Livello 1, indispensabile

Per il tuo primo barattolo

Con questi quattro elementi puoi partire dai crauti fatti in casa, dai cetrioli o dalla giardiniera senza aggiungere altro. Niente termometri, niente valvole, niente vasi di coccio: quelli vengono dopo, e sono comodità, non necessità. Il barattolo a bocca larga è comodo perché ci infili e ci togli le verdure facilmente, e ci fai stare dentro il peso.

La regola d’oro: tutto sotto la salamoia

Se c’è una sola cosa che decide la riuscita di una verdura fermentata, è questa: ciò che sta sotto il liquido è protetto, ciò che tocca l’aria può ammuffire. La lattofermentazione è un processo anaerobico: i batteri lattici lavorano senza ossigeno, mentre muffe e lieviti indesiderati hanno bisogno d’aria per attecchire. Tenere tutto sommerso è il gesto che li tiene fuori.
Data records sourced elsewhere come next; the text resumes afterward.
Definition KX_meet_everywhere (nu mu : cend F) : Prop :=
  forall X, finite_set X -> exists D D', KX F X nu D /\ KX F X mu D' /\ exists x, D x /\ D' x.

Lemma KX_meet_everywhere_sym nu mu : KX_meet_everywhere nu mu -> KX_meet_everywhere mu nu.
Proof.
  intros H X HX. destruct (H X HX) as [D [D' [HD [HD' [x [Dx D'x]]]]]].
  exists D', D. split; [exact HD'|split; [exact HD|eauto]].
Qed.

Lemma necklace_equiv_of_KX_meet nu mu N M : KX_meet_everywhere nu mu ->
  proj1_sig nu N -> proj1_sig mu M -> necklace_equiv F N M.
Proof.
  intros Hmeet HN HM X HX K K' HK HK'.
  destruct (Hmeet X HX) as [D [D' [HD [HD' [x [Dx D'x]]]]]].
  exists D. split; [exact (KX_component _ _ _ HD)|split].
  - exact (proj2 HD N HN K HK).
  - intros y K'y.
    apply (components_meet_sub _ D D' (KX_component _ _ _ HD) (KX_component _ _ _ HD')).
    + eauto.
    + exact (proj2 HD' M HM K' HK' y K'y).
Qed.

Lemma cend_eq (nu mu : cend F) : KX_meet_everywhere nu mu -> nu = mu.
Proof.
  intros Hmeet. pose proof (KX_meet_everywhere_sym _ _ Hmeet) as Hmeet'.
  destruct nu as [E [N [HN HE]]], mu as [E' [N' [HN' HE']]].
  assert (HNE : E N) by (apply HE; split; auto; apply necklace_equiv_refl; auto).
  assert (HNE' : E' N') by (apply HE'; split; auto; apply necklace_equiv_refl; auto).
  assert (EE : E = E').
  { apply functional_extensionality. intros M. apply propositional_extensionality. split.
    - intros HM. apply HE'. split; [apply HE, HM|].
      exact (necklace_equiv_of_KX_meet _ _ N' M Hmeet' HNE' HM).
    - intros HM. apply HE. split; [apply HE', HM|].
      exact (necklace_equiv_of_KX_meet _ _ N M Hmeet HNE HM). }
  subst E'. f_equal. apply proof_irrelevance.
Qed.
Definition poly := seq (K * word X).

Definition coef (f : poly) (w : word X) : K :=
  \sum_(a <- f) (if a.2 == w then a.1 else 0).

Definition peq (f g : poly) : Prop := forall w, coef f w = coef g w.

Definition padd (f g : poly) : poly := f ++ g.
Definition pscale (c : K) (f : poly) : poly := [seq (c * a.1, a.2) | a <- f].
Definition psub (f g : poly) : poly := padd f (pscale (-1) g).
Definition pmul (f g : poly) : poly :=
  [seq (a.1 * b.1, a.2 ++ b.2) | a <- f, b <- g].
Definition pmono (w : word X) : poly := [:: (1, w)].
Definition pP (f : poly) : poly := [seq (a.1, [:: PP a.2]) | a <- f].

Definition is_lead (f : poly) (w : word X) : Prop :=
  coef f w != 0 /\ forall v, coef f v != 0 -> v = w \/ wlt v w.

Definition monic (f : poly) : Prop := exists w, is_lead f w /\ coef f w = 1.

(* star-words: elements of S(X u {star}) with exactly one star;
   the star is the letter [None]. *)
Fixpoint nstar (p : pw (option X)) : nat :=
  match p with
  | PX None => 1
  | PX (Some _) => 0
  | PP s => sumn (map nstar s)
  end.

Definition starword (u : word (option X)) : bool :=
  word_valid u && (sumn (map nstar u) == 1%N).

Fixpoint substp (w : word X) (p : pw (option X)) : word X :=
  match p with
  | PX None => w
  | PX (Some x) => [:: PX x]
  | PP s => [:: PP (flatten (map (substp w) s))]
  end.
Definition subst (u : word (option X)) (w : word X) : word X :=
  flatten (map (substp w) u).

(* u|_s for a polynomial s (linear in s since u has exactly one star) *)
Definition psubst (u : word (option X)) (f : poly) : poly :=
  [seq (a.1, subst u a.2) | a <- f].

Definition congr_mod (S : poly -> Prop) (p q : poly) (w : word X) : Prop :=
  exists l : seq (K * word (option X) * poly),
    (forall e, e \in l ->
       [/\ starword e.1.2, S e.2 &
           exists sb, is_lead e.2 sb /\ wlt (subst e.1.2 sb) w]) /\
    peq (psub p q)
        (flatten [seq pscale e.1.1 (psubst e.1.2 e.2) | e <- l]).

Definition GSbasis (S : poly -> Prop) : Prop :=
  (forall f, S f -> monic f) /\
  forall f g fb gb, S f -> S g -> is_lead f fb -> is_lead g gb ->
    (forall a b w : word X, word_valid a -> word_valid b ->
       w = fb ++ a -> w = b ++ gb -> (bre w < bre fb + bre gb)%N ->
       congr_mod S (psub (pmul f (pmono a)) (pmul (pmono b) g)) [::] w) /\
    (forall u : word (option X), starword u -> fb = subst u gb ->
       congr_mod S (psub f (psubst u g)) [::] fb).

Definition rb_rel (lambda : K) (x y : word X) : poly :=
  psub (psub (psub (pmul (pP (pmono x)) (pP (pmono y)))
                   (pP (pmul (pP (pmono x)) (pmono y))))
             (pP (pmul (pmono x) (pP (pmono y)))))
       (pscale lambda (pP (pmul (pmono x) (pmono y)))).

Definition rbS (lambda : K) (f : poly) : Prop :=
  exists x y : word X, [/\ word_valid x, word_valid y & f = rb_rel lambda x y].
End FreeAlg.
Per questo il peso è l’accessorio più importante dopo il barattolo. Serve a spingere le verdure sotto la salamoia e a tenercele per tutta la fermentazione, anche quando la CO₂ tende a farle risalire. Le opzioni:

La regola in una frase: tutto sotto la salamoia, sempre. Se qualche pezzo affiora e prende aria, rischia la muffa; il peso è ciò che glielo impedisce. È l’equivalente, per le verdure, di ciò che la coltura madre è per il kombucha: il dettaglio su cui non transigere.

Il coperchio: far uscire la CO₂ senza far entrare l’aria

La fermentazione produce anidride carbonica: in un barattolo chiuso ermeticamente la pressione sale, e nei casi peggiori il barattolo trabocca o salta il coperchio. Il gas deve poter uscire, ma senza lasciare entrare aria e moscerini. Hai due strade:

Occhio ai coperchi a vite ben stretti. Se chiudi ermeticamente e ti dimentichi di sfiatare, il barattolo può perdere salamoia dal bordo o, con verdure molto attive, arrivare a spingere il coperchio. In prima fermentazione: coperchio lasco e sfiato, oppure valvola.

Il sale e la bilancia

Il sale non è un condimento, qui: è lo strumento che seleziona i batteri giusti e frena quelli indesiderati finché l’acidità prende il controllo. Per questo si dosa con precisione, a peso e mai a occhio: la bilancia da cucina è lo strumento più importante che hai insieme al barattolo.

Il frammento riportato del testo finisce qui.